Otto : Hukum Harus Fleksibel
Surabaya - Mantan Ketua Umum (Ketum) DPN Perhimpunan Advokat Indonesia (Peradi) Otto Hasibuan mengatakan, sebagai praktisi hukum tidak boleh menutup mata terhadap perkembangan-perkembangan hukum dalam praktek, mengingat sudah tidak ada ya batasan komunikasi dan sosialisasi antar negara.
Seperti halnya dalam transaksi bisnis, saat ini hukum sudah banyak dipengaruhi oleh hukum-hukum dari Anglo Saxon atau dikenal juga dengan Common Law.
"Jadi karena praktek-praktek di common low sekarang sudah diterima secara faktual oleh masyarakat Indonesia, maka boleh saja hal ini kita adopsi sebagai hukum kita, tetapi fondasi hukum dari Civil Law itu tetap dipertahankan," katanya.
"Podasi tetap, tetapi isinya boleh mengadopsi sesuai dengan perkembangan zaman," lanjut Otto, disela-sela seminar nasional bertema "Pembentukan Undang Undang Hukum Perikatan Nasional", di Fakultas Hukum (FH) Universitas Airlangga Surabaya, Sabtu (27/4).
Seminar yang diselenggarakan oleh Asosiasi Pengajar Hukum Keperdataan (APHK) Indonesia. Rancangan pembentukan Undang-Undang Perikatan tersendiri telah menjadi wacana beberapa waktu terakhir untuk menggantikan ketentuan tentang perjanjian yang diatur dalam Burgerlijk Wetboek (BW).
Ide tersebut telah lama mengemuka, terakhir disuarakan lagi saat berlangsungnya Konferensi ke-5 Asosiasi Pengajar Hukum Keperdataan di Jakarta, pada Oktober tahun lalu.

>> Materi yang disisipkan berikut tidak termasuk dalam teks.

(* Let $M\ge1$, let $a>\log M+3$, and let $X\sim\mathcal{N}(\mu^*,1)$ on $\mathbb{R}$ with $\mu^*\ge a$. Let $\mu_1,\dots,\mu_M\in\mathbb{R}$ be current centers and let $i\in[M]$ with $\mu_i\ge0$. Then $$\mathbb{E}[w_i(X)X]\ge0.$$ If moreover $\mu^*\le3a$ and $0\le\mu_i\le4a$, then $$\mathbb{E}[w_i(X)X]\ge\frac{a}{5M}e^{-9a^2/2}.$$
   Context: For current centers $\mu_1,\dots,\mu_M\in\mathbb{R}$, the membership weights are $$w_i(x)=\frac{e^{-(x-\mu_i)^2/2}}{\sum_{j=1}^M e^{-(x-\mu_j)^2/2}}.$$ *)

From Stdlib Require Import Reals Lra Lia.
Open Scope R_scope.

Definition gker (m x : R) : R := exp (- (x - m) ^ 2 / 2).

(* Membership weight w_i(x) for centers mu_0,...,mu_{M-1}
   (0-indexed: the paper's mu_1..mu_M are mu 0 .. mu (M-1)). *)
Definition weight (M : nat) (mu : nat -> R) (i : nat) (x : R) : R :=
  gker (mu i) x / sum_f_R0 (fun j => gker (mu j) x) (M - 1).

Definition gauss_density (m x : R) : R := gker m x / sqrt (2 * PI).

(* Improper Riemann integral over R: l is the limit of the integral over
   [-A, B] as A, B -> +infinity independently (integrability on each
   such interval is part of the requirement). *)
Definition improper_int (f : R -> R) (l : R) : Prop :=
  forall eps, 0 < eps -> exists T0 : R, forall A B : R,
    T0 <= A -> T0 <= B ->
    exists pr : Riemann_integrable f (- A) B, Rabs (RiemannInt pr - l) < eps.

(* E[w_i(X) X] for X ~ N(mustar, 1): the integrand. *)
Definition integrand (M : nat) (mu : nat -> R) (i : nat) (mustar : R) (x : R) : R :=
  weight M mu i x * x * gauss_density mustar x.

(* Let [s] be the supremum of [w_i] on the negative half-line.  There the
   integrand is at least [s (x - mustar)] times the Gaussian density, whose
   integral over [(-oo, 0]] is [- s e^{-mustar^2/2} / sqrt (2 pi)].  Comparing the
   normalisers term by term gives [w_i(x) e^{-y^2/2} <= (M + 1) w_i(y)] for
   [x <= y] (this uses [mu_i >= 0]), hence [s e^{-y^2/2} <= (M + 1) w_i(y)] for
   [y >= 0].  On the unit interval around [mustar/2] the integrand is therefore at
   least [s e^{-1/4 - mustar^2/4} / ((M + 1) sqrt (2 pi))], which is twice the
   bound on the negative part as soon as [mustar > log M + 3].  So the integral is at least half
   of [int_0^B] for every large [B]: this gives nonnegativity, and bounding the
   integrand on the unit interval around [(mu_i + mustar)/2] with
   [w_i >= e^{-(x - mu_i)^2/2} / M] gives the quantitative bound. *)

From Stdlib Require Import Reals Lra Lia Psatz Classical.
From Coquelicot Require Import Coquelicot.
Open Scope R_scope.

Lemma exp_le_compat x y : x <= y -> exp x <= exp y.
Proof.
  intros [Hlt | ->]; [left; apply exp_increasing |]; lra.
Qed.

Lemma gker_pos m x : 0 < gker m x.
Proof. apply exp_pos. Qed.

Lemma gker_le_1 m x : gker m x <= 1.
Proof.
  rewrite <- exp_0; apply exp_le_compat.
  pose proof (pow2_ge_0 (x - m)); lra.
Qed.

Lemma gker_exchange mj mi x y :
  mj <= mi -> x <= y -> gker mj y * gker mi x <= gker mj x * gker mi y.
Proof.
  intros Hm Hxy; unfold gker; rewrite <- !exp_plus; apply exp_le_compat.
  assert (0 <= (y - x) * (mi - mj)) by (apply Rmult_le_pos; lra).
  nra.
Qed.

Lemma gker_0_mul_le mi mj y :
  0 <= mi -> mi <= mj -> gker 0 y * gker mj y <= gker mi y.
Proof.
  intros Hmi Hmij; unfold gker; rewrite <- exp_plus; apply exp_le_compat.
  assert (0 <= (mj - mi) * mi) by (apply Rmult_le_pos; lra).
  pose proof (pow2_ge_0 (y - (mj - mi))).
  nra.
Qed.

Lemma gker_mul_ge m1 m2 y :
  (m1 + m2) / 2 - 1 / 2 <= y <= (m1 + m2) / 2 + 1 / 2 ->
  exp (-1 / 4 - (m2 - m1) ^ 2 / 4) <= gker m1 y * gker m2 y.
Proof.
  intros Hy; unfold gker; rewrite <- exp_plus; apply exp_le_compat.
  (* (y-m1)^2 + (y-m2)^2 = 2 (y - (m1+m2)/2)^2 + (m2-m1)^2/2 *)
  assert (Hc : (y - (m1 + m2) / 2) ^ 2 <= 1 / 4) by nra.
  nra.
Qed.

(* A centre [mj <= mi] is handled by the likelihood-ratio exchange, a centre
   [mj > mi] by the damping factor [gker 0 y]. *)
Lemma gker_cross_le mi mj x y :
  0 <= mi -> x <= y ->
  gker 0 y * gker mj y * gker mi x <= gker mj x * gker mi y + gker mi x * gker mi y.
Proof.
  intros Hmi Hxy.
  pose proof (gker_pos mj x); pose proof (gker_pos mj y); pose proof (gker_pos mi x).
  pose proof (gker_pos mi y); pose proof (gker_pos 0 y); pose proof (gker_le_1 0 y).
  destruct (Rle_or_lt mj mi) as [Hj | Hj].
  - pose proof (gker_exchange mj mi x y Hj Hxy).
    assert (0 <= gker mj y * gker mi x) by (apply Rmult_le_pos; lra).
    nra.
  - pose proof (gker_0_mul_le mi mj y Hmi ltac:(lra)).
    nra.
Qed.

Lemma mul_gker_le_exp m x : 0 <= x -> x * gker m x <= exp (2 * m + 2) * exp (- x).
Proof.
  intros Hx.
  apply Rle_trans with (exp x * gker m x).
  - apply Rmult_le_compat_r; [left; apply gker_pos |].
    pose proof (exp_ineq1_le x); lra.
  - unfold gker; rewrite <- !exp_plus; apply exp_le_compat.
    pose proof (pow2_ge_0 (x - m - 2)); nra.
Qed.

Otto Hasibuan menjelaskan, dari kacamata Peradi, urgensi Hukum Perikatan Nasional dibentuk berdasar perkembangan baik dari sisi bisnis maupun prinsip hukum yang berkembang di masyarakat.
“Meskipun ini berasal dari Belanda, di Belanda sendiri sudah mulai dirubah tapi di sini masih mengikuti yang lama,” tuturnya.
Menurutnya masih banyak hal yang tidak diatur dalam undang-undang, bahkan ada yang diatur tapi disimpangi dalam praktek melalui putusan hakim. “
Jadi urgensinya di sini,” tegas Tokoh Fenomenal Seputar Indonesia, RCTI, 2016 ini. (Lim).